Michele Rolim
Uma mulher que acabara de perder o seu filho. A peça O testamento de Maria é narrada a partir da morte de Jesus. Perseguida e no exílio, Maria procura desvendar os mistérios que cercaram a crucificação do seu filho. Usando apenas corpo e palavras, em um cenário restrito a um tapete e a uma cadeira de madeira, a atriz Denise Weinberg desmistifica o mito de Maria amanhã e quarta-feira, às 20h, no Teatro do Centro Histórico-Cultural Santa Casa (Independência, 75).
No texto do irlandês Colm Toibin, com direção de Ron Daniels, a personagem Maria vem para embaralhar a figura pura e casta que a Igreja idealizou. Há quatro anos, Denise encontrou em uma livraria a publicação de Toibin, na mesma época que atuava na peça irlandesa Dançando em Lunassa (de Brian Friel). Procurou os direitos autorais, mas eles já haviam sido comprados. No entanto, no fim de 2015, um produtor ligou perguntando se ela conhecia esse texto e se tinha vontade de fazer, dirigida por Ron Daniels.
"Sou da opinião que o que é do homem, o bicho não come. Sempre foi assim comigo. As personagens vêm me buscar, graças a Deus. Achei que não podia deixar passar a oportunidade de contar essa história em um ponto de vista de uma Maria", comenta ela, vencedora do Prêmio APCA 2016 por este papel.
Enquanto sua trajetória e seus sofrimentos são narrados oscilando entre sentimentos que perpassam ternura, raiva e ironia, Maria faz questão de falar somente a verdade. Ela encara não só a imensa crueldade dos romanos e dos anciãos judeus, como também as suas próprias angústias e hesitações. "Está em cena a simplicidade de uma Maria, uma Maria qualquer, mãe de um rapaz rebelde, sensível, inteligente, que se 'juntou com um bando de desajustados' e deu no que deu. Ela perdeu seu filho, crucificado aos 33 anos. Para quê?", questiona Denise.

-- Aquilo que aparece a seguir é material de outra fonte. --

Definition two_cliques_at V E v := exists C1 C2 : {set T},
  [/\ C1 != C2, clique V E C1, clique V E C2 & v \in C1 /\ v \in C2] /\
  (forall C, clique V E C -> v \in C -> C = C1 \/ C = C2) /\
  C1 :&: C2 = [set v].

Lemma completeP E C :
  reflect (complete E C) [forall x in C, forall y in C, (x != y) ==> E x y].
Proof.
apply: (iffP forall_inP) => cC.
- by move=> x y xC yC; have /forall_inP/(_ y yC)/implyP := cC x xC.
- by move=> x xC; apply/forall_inP => y yC; apply/implyP; exact: cC.
Qed.

Lemma complete_set1 E x : complete E [set x].
Proof. by move=> y z; rewrite !inE => /eqP-> /eqP->; rewrite eqxx. Qed.

Lemma extend_clique V E K : K \subset V -> complete E K ->
  exists2 D, clique V E D & K \subset D.
Proof.
move=> KV cK.
pose P D := [&& K \subset D, D \subset V & [forall x in D, forall y in D, (x != y) ==> E x y]].
have PK : P K by rewrite /P subxx KV; apply/completeP.
case: (arg_maxnP (fun D => #|D|) PK) => D /and3P[KD DV /completeP cD] Dmax.
exists D => //; split=> // D' DD' D'V cD'.
apply/eqP; rewrite eq_sym eqEcard DD' /=.
by apply: Dmax; rewrite /P D'V (subset_trans KD DD'); apply/completeP.
Qed.

Lemma clique_subV V E C : clique V E C -> C \subset V.
Proof. by case. Qed.

Lemma clique_memV V E C x : clique V E C -> x \in C -> x \in V.
Proof. by move/clique_subV/subsetP; apply. Qed.

Lemma clique_memNV V E C x : clique V E C -> x \notin V -> (x \in C) = false.
Proof. by move=> clC; apply: contraNF; exact: clique_memV clC. Qed.

Lemma clique_neq0 V E C : V != set0 -> clique V E C -> C != set0.
Proof.
case/set0Pn => x xV [_ _ Cmax]; apply/negP => /eqP C0.
have := Cmax [set x]; rewrite C0 sub0set sub1set => /(_ isT xV (@complete_set1 E x)).
by move/setP/(_ x); rewrite !inE eqxx.
Qed.

Lemma clique_subset_eq V E C K :
  clique V E C -> K \subset V -> complete E K -> C \subset K -> K = C.
Proof. by case=> _ _ Cmax KV cK CK; exact: Cmax. Qed.

Section TwoCliques.
Variables (V : {set T}) (E : rel T) (v : T) (K1 K2 : {set T}).
Hypotheses (K1V : K1 \subset V) (K2V : K2 \subset V).
Hypotheses (cK1 : complete E K1) (cK2 : complete E K2).
Hypotheses (vK1 : v \in K1) (vK2 : v \in K2).
Hypotheses (nK12 : ~~ (K1 \subset K2)) (nK21 : ~~ (K2 \subset K1)).
Hypothesis covered : forall D, complete E D -> v \in D -> D \subset K1 \/ D \subset K2.
Hypothesis K12 : K1 :&: K2 = [set v].

Lemma clique_cover1 : clique V E K1.
Proof.
split=> // D K1D DV cD; have vD := subsetP K1D v vK1.
case: (covered cD vD) => DK; first by apply/eqP; rewrite eqEsubset DK.
by move: nK12; rewrite (subset_trans K1D DK).
Qed.

Lemma clique_cover2 : clique V E K2.
Proof.
split=> // D K2D DV cD; have vD := subsetP K2D v vK2.
case: (covered cD vD) => DK; last by apply/eqP; rewrite eqEsubset DK.
by move: nK21; rewrite (subset_trans K2D DK).
Qed.

Lemma two_cliques_at_cover : two_cliques_at V E v.
Proof.
have cl1 := clique_cover1; have cl2 := clique_cover2.
exists K1, K2; split; [split|split] => //.
- by apply: contraNneq nK12 => ->.
- move=> C clC vC; have [_ cC _] := clC.
  case: (covered cC vC) => CK; [left|right]; apply/esym.
  + exact: clique_subset_eq clC K1V cK1 CK.
  + exact: clique_subset_eq clC K2V cK2 CK.
Qed.

End TwoCliques.

Lemma two_cliques_at_nbhd V E v A x :
  symmetric E -> v \in V -> x \in V -> A \subset V -> A != set0 ->
  x \notin A -> x != v -> v \notin A -> complete E A ->
  (forall c, c \in A -> ~~ E x c) ->
  (forall y, y != v -> E v y = (y \in A) || (y == x)) ->
  two_cliques_at V E v.
Proof.
move=> Esym vV xV AV /set0Pn[c cA] xA xv vA compA xAn nbhd.
have nbhdA : forall y, y \in A -> E v y.
  by move=> y yA; rewrite nbhd ?yA //; apply: contraNneq vA => <-.
apply: (@two_cliques_at_cover _ _ v (v |: A) [set v; x]).
- by rewrite subUset sub1set vV.
- by rewrite subUset !sub1set vV.
- move=> y z; rewrite !inE => /predU1P[->|yA] /predU1P[->|zA]; rewrite ?eqxx //.
  + by move=> _; exact: nbhdA.
  + by move=> _; rewrite Esym; exact: nbhdA.
  + exact: compA.
- move=> y z; rewrite !inE => /predU1P[->|/eqP->] /predU1P[->|/eqP->]; rewrite ?eqxx //.
  + by rewrite nbhd // eqxx orbT.
  + by rewrite Esym nbhd // eqxx orbT.
- exact: setU11.
- by rewrite !inE eqxx.
- apply/subsetP => /(_ c); rewrite !inE cA orbT => /(_ isT) /predU1P[cv|/eqP cx].
  + by rewrite -cv cA in vA.
  + by rewrite -cx cA in xA.
- by apply/subsetP => /(_ x); rewrite !inE eqxx orbT (negbTE xv) (negbTE xA) => /(_ isT).
- move=> D cD vD; case: (boolP (x \in D)) => xD; [right|left];
    apply/subsetP => y yD; rewrite !inE; have [//|yv] := eqVneq y v;
    have := cD v y vD yD; rewrite eq_sym yv nbhd // => /(_ isT).
  + by case/orP=> [yA|//]; move: (xAn y yA); rewrite cD // eq_sym; apply: contraNneq xA => <-.
  + by case/orP=> [//|/eqP yx]; rewrite -yx yD in xD.
- apply/setP => y; rewrite !inE; case: (eqVneq y v) => //= yv.
  by case: (eqVneq y x) => [->|]; rewrite ?(negbTE xA) ?andbF.
Qed.

End Cliques.

Lemma modn_succ k n : k < n -> k.+1 %% n = if k.+1 < n then k.+1 else 0.
Proof.
move=> kn; case: ltnP => h; first by rewrite modn_small.
have -> : k.+1 = n by apply/eqP; rewrite eqn_leq kn h.
by rewrite modnn.
Qed.

Section Cycle.
Variables (T : finType) (c : seq T).
Hypotheses (uc : uniq c) (c4 : 4 <= size c).

Local Notation n := (size c).

Lemma cycle_rel_sym : symmetric (cycle_rel c).
Proof. by move=> x y; rewrite /cycle_rel andbCA orbC. Qed.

Conhecido por montagens de Shakespeare como MacBeth e Medida por medida, ambas com Thiago Lacerda e Giulia Gam, o fluminense Daniels encara esse novo desafio. Ele é diretor de teatro, de ópera e de cinema, com atuação internacional. Reside em Nova Iorque e, atualmente, é um dos diretores honorários da Royal Shakespeare Company.
Já o autor, que também é jornalista, é conhecido por suas obras com mulheres fortes. Seu livro homônimo foi finalista do Man Booker Priz em 2013 e adaptado com Meryl Streep para a Broadway. Segundo Denise, a grande sacada do autor foi colocar a Maria diante de uma questão trágica como esta, sem dogmatismo, sem santificações, sem mistificações. "Essa Maria é um recorte da mulher contemporânea, mostrando tudo isso na sua indignação, sua revolta, sua dor, sua fraqueza, seu descuido, sua coragem, sua fé, sua verdade, seu discurso, não importa o preço. Uma mulher gritando como uma Medeia, tentando entender os homens e os destinos deste mundo, como todos nós, mortais", afirma a atriz. O monólogo traz ainda no palco o músico Gregory Slivar, que assina e executa ao vivo a trilha original, transpassando ritmo à fala de Denise.
"Nós fizemos questão de esquecer a divinização. A minha personagem é uma mulher comum, bastante atrevida para a época, mas com uma grande lucidez de pensamento, apesar de ser extremamente rústica. Essa Maria poderia ser qualquer uma de nós, mulheres, com nossos problemas femininos, nossas angustias de mães, nossas carências de afeto. Enfim, uma pessoa humana. Simplesmente uma mulher", define a atriz. Os ingressos custam R$ 40,00 (meia-entrada) e R$ 80,00 (inteira).